Manson is a leading advocate for diversity in the classical music industry. During the pandemic, he was frequently invited to participate in panel discussions by national organizations. This place of advocacy, he says, is “how making my art and living out my form of activism meet.” He’s a member of the Black Opera Alliance and says the international music community has been brought together throughout this time to think about making the field more equitable.
His music community is vast. He is also a member of the International Society of Black Musicians, the International Conductors’ Guild, the League of American Orchestras, Opera America, the American Choral Directors Association, and the National Association of Negro Musicians.
During COVID, he created a series of monthly lectures so The Keene Chorale could continue to rehearse and prepare for the eventual return of traditional performances. His Keene Chorale nominators wrote: “Cailin consistently chooses repertoire that will challenge both our abilities as a chorus but also assumptions the wider industry has about what community choruses can do. He helps us rise to meet the occasion every time, and the experience has been transformative.”

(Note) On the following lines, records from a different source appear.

(* Let $n>2$, let $G_n=BS(1,n)=\langle a,b\mid bab^{-1}=a^n\rangle$, and let $\Gamma_n$ be its Cayley graph with respect to $\{a,b\}$. Let $x,y\in G_n$. If there exist $k,k'\in\mathbb{N}$ such that, with $\tilde{x}=xb^k$ and $\tilde{y}=yb^{k'}$, one has $\tilde{y}=\tilde{x}a$, then there is a geodesic in $\Gamma_n$ between $x$ and $y$ containing $\tilde{x}$ and $\tilde{y}$.
   Context: $\Gamma_n$ has vertex set $G_n$ and edges $\{g,gs\}$ for $s\in\{a^{\pm1},b^{\pm1}\}$, each of length 1, with the path-length metric. *)

(* Concrete model of BS(1,n) = Z[1/n] ⋊ Z. *)
From mathcomp Require Import all_boot all_order all_algebra.
Set Implicit Arguments. Unset Strict Implicit. Unset Printing Implicit Defensive.
Import Order.TTheory GRing.Theory Num.Theory.
Local Open Scope ring_scope.

(* An element (r, m) stands for a^r b^m, i.e. r ∈ Z[1/n] (inside rat), m ∈ Z.  With a = (1,0), b = (0,1):
   b a b^-1 = (n,0) = a^n.  The group G_n is the subgroup of rat * int
   generated by a and b (predicate inBS below). *)
Definition elt := (rat * int)%type.

Definition bsmul (n : nat) (x y : elt) : elt :=
  (x.1 + (n%:R : rat) ^ x.2 * y.1, x.2 + y.2).

Definition bs_one : elt := (0, 0).

Inductive gen := Ga | GaI | Gb | GbI.

Definition gen_val (s : gen) : elt :=
  match s with
  | Ga => (1, 0) | GaI => (-1, 0) | Gb => (0, 1) | GbI => (0, -1)
  end.

Definition bs_a : elt := gen_val Ga.
Definition bs_b : elt := gen_val Gb.

Definition walk (n : nat) (x : elt) (w : seq gen) : elt :=
  foldl (fun g s => bsmul n g (gen_val s)) x w.

Definition inBS (n : nat) (x : elt) : Prop := exists w, x = walk n bs_one w.

Definition mul_bpow (n : nat) (x : elt) (k : nat) : elt :=
  iter k (fun g => bsmul n g bs_b) x.

Definition path_from_to (n : nat) (x y : elt) (w : seq gen) : Prop :=
  walk n x w = y.

Definition geodesic (n : nat) (x y : elt) (w : seq gen) : Prop :=
  path_from_to n x y w /\
  forall w', path_from_to n x y w' -> (size w <= size w')%N.

Definition on_path (n : nat) (x : elt) (w : seq gen) (z : elt) : Prop :=
  exists i, (i <= size w)%N /\ walk n x (take i w) = z.

From mathcomp Require Import all_boot all_order all_algebra.
From mathcomp Require Import zify.
Set Implicit Arguments. Unset Strict Implicit. Unset Printing Implicit Defensive.
Import Order.TTheory GRing.Theory Num.Theory.
Local Open Scope ring_scope.

(* The word b^k a b^-k' has length k + k' + 1.  For any word from x = (r, m)
   to y, let M be the highest level m' reached by its vertices (r', m').  An
   a-letter at level m' moves the first coordinate by n^m', so the c letters
   a^{±1} displace it by at most c n^M; as the displacement is n^(m+k), we get
   c >= 1, and c >= n^(m+k-M) >= 2(m+k-M) + 1 when M < m + k.  Climbing from
   m to M and back down to y.2 = m + k - k' costs at least 2M - 2m - k + k'
   letters b^{±1}.  Both cases add up to at least k + k' + 1 letters. *)

Definition horizontal (s : gen) : bool :=
  match s with Ga | GaI => true | Gb | GbI => false end.

Fixpoint peak (n : nat) (x : elt) (w : seq gen) : int :=
  if w is s :: w' then Num.max x.2 (peak n (bsmul n x (gen_val s)) w') else x.2.

Lemma walk_cons n x s w :
  walk n x (s :: w) = walk n (bsmul n x (gen_val s)) w.
Proof. by []. Qed.

Lemma walk_cat n x w1 w2 : walk n x (w1 ++ w2) = walk n (walk n x w1) w2.
Proof. exact: foldl_cat. Qed.

Lemma peak_ge n x w : x.2 <= peak n x w /\ (walk n x w).2 <= peak n x w.
Proof.
elim: w x => [|s w IH] x /=; first by [].
by case: (IH (bsmul n x (gen_val s))) => _ le_end; rewrite !le_max lexx le_end orbT.
Qed.

Lemma count_vertical_ge n x w :
  2 * peak n x w - x.2 - (walk n x w).2 <= (count (predC horizontal) w)%:Z.
Proof.
elim: w x => [|s w IH] x /=; first lia.
have := IH (bsmul n x (gen_val s)); have := peak_ge n (bsmul n x (gen_val s)) w.
by case: s; rewrite /bsmul /=; lia.
Qed.

Lemma bsmul_gen_shift n x s :
  `|(bsmul n x (gen_val s)).1 - x.1| = (horizontal s)%:R * (n%:R : rat) ^ x.2.
Proof.
rewrite /bsmul /= addrAC subrr add0r normrM ger0_norm ?exprz_ge0 ?ler0n //.
by rewrite mulrC; case: s; rewrite /= ?normrN ?normr1 ?normr0.
Qed.

Lemma walk_shift_le n x w : (0 < n)%N ->
  `|(walk n x w).1 - x.1| <=
    (count horizontal w)%:R * (n%:R : rat) ^ peak n x w.
Proof.
move=> n_gt0; have n_ge1 : 1 <= (n%:R : rat) by rewrite ler1n.
elim: w x => [|s w IH] x /=; first by rewrite subrr normr0 mul0r.
have step := bsmul_gen_shift n x s; set x' := bsmul n x (gen_val s) in step *.
rewrite -(subrKA x'.1) natrD mulrDl addrC.
apply: (le_trans (ler_normD _ _)); apply: lerD.
- by rewrite step ler_wpM2l ?ler0n // ler_weXz2l // le_max lexx.
- apply: (le_trans (IH x')); rewrite ler_wpM2l ?ler0n // ler_weXz2l //.
  by rewrite le_max lexx orbT.
Qed.

Lemma double_ltn_expn n j : (2 < n)%N -> (2 * j < n ^ j)%N.
Proof. by move=> n_gt2; elim: j => [|j IH]; rewrite ?expn0 // expnS; nia. Qed.

Lemma count_horizontal_gt n (c : nat) (h M : int) : (2 < n)%N ->
  (n%:R : rat) ^ h <= c%:R * (n%:R : rat) ^ M -> 2 * Num.max 0 (h - M) < c%:Z.
Proof.
move=> n_gt2 le_pow; have n_gt0 : 0 < (n%:R : rat) by rewrite ltr0n; lia.
have [le_hM | lt_Mh] := lerP h M.
  have c_gt0 : (0 < c)%N.
    rewrite lt0n; apply: contraTneq le_pow => ->.
    by rewrite mul0r -ltNge exprz_gt0.
  lia.
pose j := `|h - M|%N; have h_def : h = M + j%:Z by rewrite /j; lia.
have le_nj_c : (n ^ j <= c)%N.
  rewrite -(ler_nat rat) natrX exprnP.
  move: le_pow; rewrite h_def expfzDr ?gt_eqF // mulrC.
  by rewrite ler_pM2r ?exprz_gt0.
have := double_ltn_expn j n_gt2; lia.
Qed.

Lemma size_walk_gt n x w (h : int) : (2 < n)%N ->
  (walk n x w).1 = x.1 + (n%:R : rat) ^ h ->
  2 * h - x.2 - (walk n x w).2 < (size w)%:Z.
Proof.
move=> n_gt2 shift_w.
have := walk_shift_le x w (ltnW (ltnW n_gt2)).
rewrite shift_w addrAC subrr add0r ger0_norm ?exprz_ge0 ?ler0n //.
move/(count_horizontal_gt n_gt2).
have := count_vertical_ge n x w; rewrite -(count_predC horizontal w).
lia.
Qed.

Lemma mul_bpowE n x k : mul_bpow n x k = (x.1, x.2 + k%:Z).
Proof.
elim: k => [|k IH] /=; first by rewrite addr0; case: x.
rewrite /mul_bpow /= -/(mul_bpow n x k) IH /bsmul /= mulr0 addr0.
congr pair; lia.
Qed.

Lemma walk_nseq_Gb n x k : walk n x (nseq k Gb) = mul_bpow n x k.
Proof.
elim: k x => [|k IH] x //; rewrite walk_cons IH !mul_bpowE /bsmul /= mulr0 addr0.
congr pair; lia.
Qed.

Lemma walk_nseq_GbI n x k : walk n x (nseq k GbI) = (x.1, x.2 - k%:Z).
Proof.
elim: k x => [|k IH] x; first by rewrite subr0; case: x.
rewrite walk_cons IH /bsmul /= mulr0 addr0; congr pair; lia.
Qed.

Theorem lemma2 (n : nat) (x y : elt) (k k' : nat) :
  (2 < n)%N -> inBS n x -> inBS n y ->
  mul_bpow n y k' = bsmul n (mul_bpow n x k) bs_a ->
  exists w : seq gen,
    geodesic n x y w /\
    on_path n x w (mul_bpow n x k) /\ on_path n x w (mul_bpow n y k').
Proof.
(* The length bound holds on all of rat * int. *)
move=> n_gt2 _ _ yb_xba.
have [y1E y2E] : y.1 = x.1 + (n%:R : rat) ^ (x.2 + k%:Z) /\ y.2 + k'%:Z = x.2 + k%:Z.
  by move: yb_xba; rewrite !mul_bpowE /bsmul /= mulr1 addr0 => -[-> ->].
have walk_xba : walk n x (rcons (nseq k Gb) Ga) = mul_bpow n y k'.
  by rewrite -cats1 walk_cat walk_nseq_Gb yb_xba.
have walk_xy : walk n x (rcons (nseq k Gb) Ga ++ nseq k' GbI) = y.
  by rewrite walk_cat walk_xba walk_nseq_GbI mul_bpowE addrK; case: (y).
exists (rcons (nseq k Gb) Ga ++ nseq k' GbI); split; [split|split] => //.
- move=> w' walk_w'.
  have := size_walk_gt (x := x) (w := w') (h := x.2 + k%:Z) n_gt2.
  rewrite walk_w' y1E => /(_ erefl).
  by rewrite size_cat size_rcons !size_nseq; lia.
- exists k; rewrite -cats1 -catA take_size_cat ?size_nseq //.
  by rewrite size_cat size_nseq leq_addr walk_nseq_Gb.
- exists k.+1; rewrite take_size_cat ?size_rcons ?size_nseq //.
  by rewrite size_cat size_rcons size_nseq leq_addr walk_xba.
Qed.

He taught an online course for the Springfield Symphony Youth Orchestra and provided a backyard space last June where professional orchestral musicians from all over New England could play music together.
“We just had fun and were able to make music with one another,” he recalled.
Keeping musicians connected was the primary goal. He says in some way the pandemic was a “hidden blessing” in that it allowed everyone the time to attend each other’s virtual events from home.
“We were all thinking on our feet to make sure the arts stayed alive,” he said. “Music is one thing, but we realized pretty starkly how much our love for the arts connected all of us on a consistent basis. We were maintaining that connection that making music facilitated for us. We prioritized the connection as the primary value and mission.”
The Keene Chorale will perform Handel’s full “Messiah” in December at Saint Bernard Catholic Church in Keene. In spring 2022, it will present “The Ordering of Moses,” a major choral-orchestral work by Black Canadian-American composer R. Nathaniel Dett that reimagines Negro spirituals to tell the narrative of the exodus of the Israelites from Egypt. Manson will be facilitating remote presentations to accompany the performance and plans to continue to off local master classes that the audience can watch virtually.
“It’s about blooming where you’re planted,” he said his choices through the years. “If I’m constantly looking for other things, I would have missed the connections. [The lessons of the pandemic] will only make the arts in this region richer. We could be awash in cultural riches in this area. We already are, but it could be more. I see myself as an active catalyst for that in the coming years.”